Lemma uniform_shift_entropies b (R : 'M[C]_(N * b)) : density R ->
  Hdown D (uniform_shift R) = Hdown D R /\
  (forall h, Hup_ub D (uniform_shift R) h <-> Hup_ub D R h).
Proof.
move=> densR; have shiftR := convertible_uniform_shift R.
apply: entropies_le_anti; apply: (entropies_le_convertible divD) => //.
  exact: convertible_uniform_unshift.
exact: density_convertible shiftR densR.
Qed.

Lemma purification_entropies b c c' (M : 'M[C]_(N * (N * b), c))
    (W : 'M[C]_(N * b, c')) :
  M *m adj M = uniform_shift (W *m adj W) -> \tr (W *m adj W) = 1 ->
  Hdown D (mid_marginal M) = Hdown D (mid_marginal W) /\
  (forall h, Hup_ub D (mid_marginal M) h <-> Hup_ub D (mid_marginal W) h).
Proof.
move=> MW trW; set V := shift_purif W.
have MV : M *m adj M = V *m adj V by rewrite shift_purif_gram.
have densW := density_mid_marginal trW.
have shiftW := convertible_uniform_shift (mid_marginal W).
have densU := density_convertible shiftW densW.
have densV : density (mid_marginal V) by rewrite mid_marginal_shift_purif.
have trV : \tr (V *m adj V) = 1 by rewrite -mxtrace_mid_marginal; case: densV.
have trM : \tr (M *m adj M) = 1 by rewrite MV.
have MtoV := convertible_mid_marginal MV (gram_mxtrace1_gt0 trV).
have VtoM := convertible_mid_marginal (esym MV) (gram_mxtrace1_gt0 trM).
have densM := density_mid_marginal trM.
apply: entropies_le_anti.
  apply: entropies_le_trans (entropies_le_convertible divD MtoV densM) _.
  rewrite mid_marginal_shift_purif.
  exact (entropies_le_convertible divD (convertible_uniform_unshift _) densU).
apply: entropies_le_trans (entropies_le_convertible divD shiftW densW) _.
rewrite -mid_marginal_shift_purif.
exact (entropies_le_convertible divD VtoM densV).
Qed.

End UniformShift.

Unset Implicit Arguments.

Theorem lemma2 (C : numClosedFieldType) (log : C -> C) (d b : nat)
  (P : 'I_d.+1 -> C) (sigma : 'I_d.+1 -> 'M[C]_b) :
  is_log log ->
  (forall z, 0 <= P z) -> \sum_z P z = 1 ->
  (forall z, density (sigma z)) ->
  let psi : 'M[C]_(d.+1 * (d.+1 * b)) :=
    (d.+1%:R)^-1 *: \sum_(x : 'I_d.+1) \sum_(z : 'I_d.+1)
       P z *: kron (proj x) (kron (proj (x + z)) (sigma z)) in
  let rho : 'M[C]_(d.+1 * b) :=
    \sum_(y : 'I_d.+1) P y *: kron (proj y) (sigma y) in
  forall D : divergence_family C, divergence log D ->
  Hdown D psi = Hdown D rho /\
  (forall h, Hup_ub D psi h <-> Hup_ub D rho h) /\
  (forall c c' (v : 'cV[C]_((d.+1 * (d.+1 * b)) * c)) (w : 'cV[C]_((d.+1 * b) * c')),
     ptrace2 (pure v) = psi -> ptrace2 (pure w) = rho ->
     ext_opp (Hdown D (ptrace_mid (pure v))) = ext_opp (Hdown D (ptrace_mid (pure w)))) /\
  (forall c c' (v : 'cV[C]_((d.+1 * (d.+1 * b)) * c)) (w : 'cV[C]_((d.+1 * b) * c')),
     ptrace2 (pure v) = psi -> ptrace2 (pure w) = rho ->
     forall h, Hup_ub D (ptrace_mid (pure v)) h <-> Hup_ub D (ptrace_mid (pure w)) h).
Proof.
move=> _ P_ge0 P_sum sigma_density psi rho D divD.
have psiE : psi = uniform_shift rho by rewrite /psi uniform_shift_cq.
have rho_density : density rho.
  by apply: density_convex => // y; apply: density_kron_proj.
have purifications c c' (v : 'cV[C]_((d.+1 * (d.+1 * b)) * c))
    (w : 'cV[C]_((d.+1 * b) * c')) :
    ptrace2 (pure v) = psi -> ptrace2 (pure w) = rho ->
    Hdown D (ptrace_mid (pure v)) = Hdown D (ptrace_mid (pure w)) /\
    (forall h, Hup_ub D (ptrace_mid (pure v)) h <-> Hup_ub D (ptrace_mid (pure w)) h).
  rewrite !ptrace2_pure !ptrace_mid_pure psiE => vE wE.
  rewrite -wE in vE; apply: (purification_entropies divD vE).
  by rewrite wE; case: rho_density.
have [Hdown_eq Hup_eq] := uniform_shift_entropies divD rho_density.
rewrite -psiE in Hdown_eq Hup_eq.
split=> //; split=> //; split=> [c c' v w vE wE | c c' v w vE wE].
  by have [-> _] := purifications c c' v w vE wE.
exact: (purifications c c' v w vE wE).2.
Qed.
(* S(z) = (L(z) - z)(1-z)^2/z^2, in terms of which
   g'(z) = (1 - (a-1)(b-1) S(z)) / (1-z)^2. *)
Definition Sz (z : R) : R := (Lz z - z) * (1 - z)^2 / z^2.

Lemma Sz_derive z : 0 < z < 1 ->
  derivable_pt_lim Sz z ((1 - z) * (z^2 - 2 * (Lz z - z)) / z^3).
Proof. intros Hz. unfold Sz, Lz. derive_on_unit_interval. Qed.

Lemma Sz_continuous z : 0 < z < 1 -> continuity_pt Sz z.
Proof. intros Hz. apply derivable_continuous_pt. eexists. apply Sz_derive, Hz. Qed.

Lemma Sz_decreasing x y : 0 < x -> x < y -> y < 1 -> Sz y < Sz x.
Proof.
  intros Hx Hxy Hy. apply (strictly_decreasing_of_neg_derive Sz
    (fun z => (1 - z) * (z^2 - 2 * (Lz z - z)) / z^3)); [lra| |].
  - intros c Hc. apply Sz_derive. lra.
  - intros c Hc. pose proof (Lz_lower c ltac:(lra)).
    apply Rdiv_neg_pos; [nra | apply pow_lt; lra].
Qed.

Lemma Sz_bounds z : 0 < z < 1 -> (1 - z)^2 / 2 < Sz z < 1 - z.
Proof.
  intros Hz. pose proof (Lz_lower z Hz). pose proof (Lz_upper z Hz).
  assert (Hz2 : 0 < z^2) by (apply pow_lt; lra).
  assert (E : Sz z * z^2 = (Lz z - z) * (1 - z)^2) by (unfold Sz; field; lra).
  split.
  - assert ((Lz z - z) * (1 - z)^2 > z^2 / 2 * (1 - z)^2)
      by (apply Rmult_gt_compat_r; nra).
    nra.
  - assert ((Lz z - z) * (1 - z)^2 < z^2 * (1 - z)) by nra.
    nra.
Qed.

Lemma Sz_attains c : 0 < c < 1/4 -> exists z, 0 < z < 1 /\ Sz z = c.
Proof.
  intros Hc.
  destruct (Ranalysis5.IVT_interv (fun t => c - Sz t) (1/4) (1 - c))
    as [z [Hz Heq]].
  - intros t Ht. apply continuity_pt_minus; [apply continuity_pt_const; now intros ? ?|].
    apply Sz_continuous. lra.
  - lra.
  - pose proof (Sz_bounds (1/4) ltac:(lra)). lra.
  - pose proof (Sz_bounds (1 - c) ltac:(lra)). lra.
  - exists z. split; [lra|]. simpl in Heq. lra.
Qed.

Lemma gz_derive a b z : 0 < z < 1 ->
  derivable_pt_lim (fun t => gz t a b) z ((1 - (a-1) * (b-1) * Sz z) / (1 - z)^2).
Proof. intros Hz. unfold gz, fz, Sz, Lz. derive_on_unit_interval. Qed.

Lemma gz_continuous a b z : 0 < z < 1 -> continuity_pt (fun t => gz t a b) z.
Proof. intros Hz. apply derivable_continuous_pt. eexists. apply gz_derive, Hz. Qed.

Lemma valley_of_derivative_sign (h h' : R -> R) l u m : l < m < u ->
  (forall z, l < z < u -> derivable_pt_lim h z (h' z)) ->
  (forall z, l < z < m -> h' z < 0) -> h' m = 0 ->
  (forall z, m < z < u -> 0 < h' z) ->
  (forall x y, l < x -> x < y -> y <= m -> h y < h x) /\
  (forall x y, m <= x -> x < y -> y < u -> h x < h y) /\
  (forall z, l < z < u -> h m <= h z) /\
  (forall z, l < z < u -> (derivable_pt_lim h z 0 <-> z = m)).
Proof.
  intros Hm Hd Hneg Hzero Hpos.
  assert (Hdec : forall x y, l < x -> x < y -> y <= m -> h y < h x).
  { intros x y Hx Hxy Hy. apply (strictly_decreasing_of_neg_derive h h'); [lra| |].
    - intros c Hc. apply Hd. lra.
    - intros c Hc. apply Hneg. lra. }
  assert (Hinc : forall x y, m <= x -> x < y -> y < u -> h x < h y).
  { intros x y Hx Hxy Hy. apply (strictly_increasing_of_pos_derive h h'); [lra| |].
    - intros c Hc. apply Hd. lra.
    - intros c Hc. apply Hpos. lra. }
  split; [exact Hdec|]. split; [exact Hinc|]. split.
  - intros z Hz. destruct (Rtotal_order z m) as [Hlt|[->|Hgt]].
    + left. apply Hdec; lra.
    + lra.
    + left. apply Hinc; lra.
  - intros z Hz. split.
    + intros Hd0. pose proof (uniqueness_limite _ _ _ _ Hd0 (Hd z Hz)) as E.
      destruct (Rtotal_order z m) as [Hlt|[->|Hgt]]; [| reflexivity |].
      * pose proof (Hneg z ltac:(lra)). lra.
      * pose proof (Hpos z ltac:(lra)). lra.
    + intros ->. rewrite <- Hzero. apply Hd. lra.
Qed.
-=-=-
From the first line of the listing above through the line that contains "(convertible_uniform_unshift _) densU).", retype every line exactly, and write nothing else.

* Written response:
Lemma uniform_shift_entropies b (R : 'M[C]_(N * b)) : density R ->
  Hdown D (uniform_shift R) = Hdown D R /\
  (forall h, Hup_ub D (uniform_shift R) h <-> Hup_ub D R h).
Proof.
move=> densR; have shiftR := convertible_uniform_shift R.
apply: entropies_le_anti; apply: (entropies_le_convertible divD) => //.
  exact: convertible_uniform_unshift.
exact: density_convertible shiftR densR.
Qed.

Lemma purification_entropies b c c' (M : 'M[C]_(N * (N * b), c))
    (W : 'M[C]_(N * b, c')) :
  M *m adj M = uniform_shift (W *m adj W) -> \tr (W *m adj W) = 1 ->
  Hdown D (mid_marginal M) = Hdown D (mid_marginal W) /\
  (forall h, Hup_ub D (mid_marginal M) h <-> Hup_ub D (mid_marginal W) h).
Proof.
move=> MW trW; set V := shift_purif W.
have MV : M *m adj M = V *m adj V by rewrite shift_purif_gram.
have densW := density_mid_marginal trW.
have shiftW := convertible_uniform_shift (mid_marginal W).
have densU := density_convertible shiftW densW.
have densV : density (mid_marginal V) by rewrite mid_marginal_shift_purif.
have trV : \tr (V *m adj V) = 1 by rewrite -mxtrace_mid_marginal; case: densV.
have trM : \tr (M *m adj M) = 1 by rewrite MV.
have MtoV := convertible_mid_marginal MV (gram_mxtrace1_gt0 trV).
have VtoM := convertible_mid_marginal (esym MV) (gram_mxtrace1_gt0 trM).
have densM := density_mid_marginal trM.
apply: entropies_le_anti.
  apply: entropies_le_trans (entropies_le_convertible divD MtoV densM) _.
  rewrite mid_marginal_shift_purif.
  exact (entropies_le_convertible divD (convertible_uniform_unshift _) densU).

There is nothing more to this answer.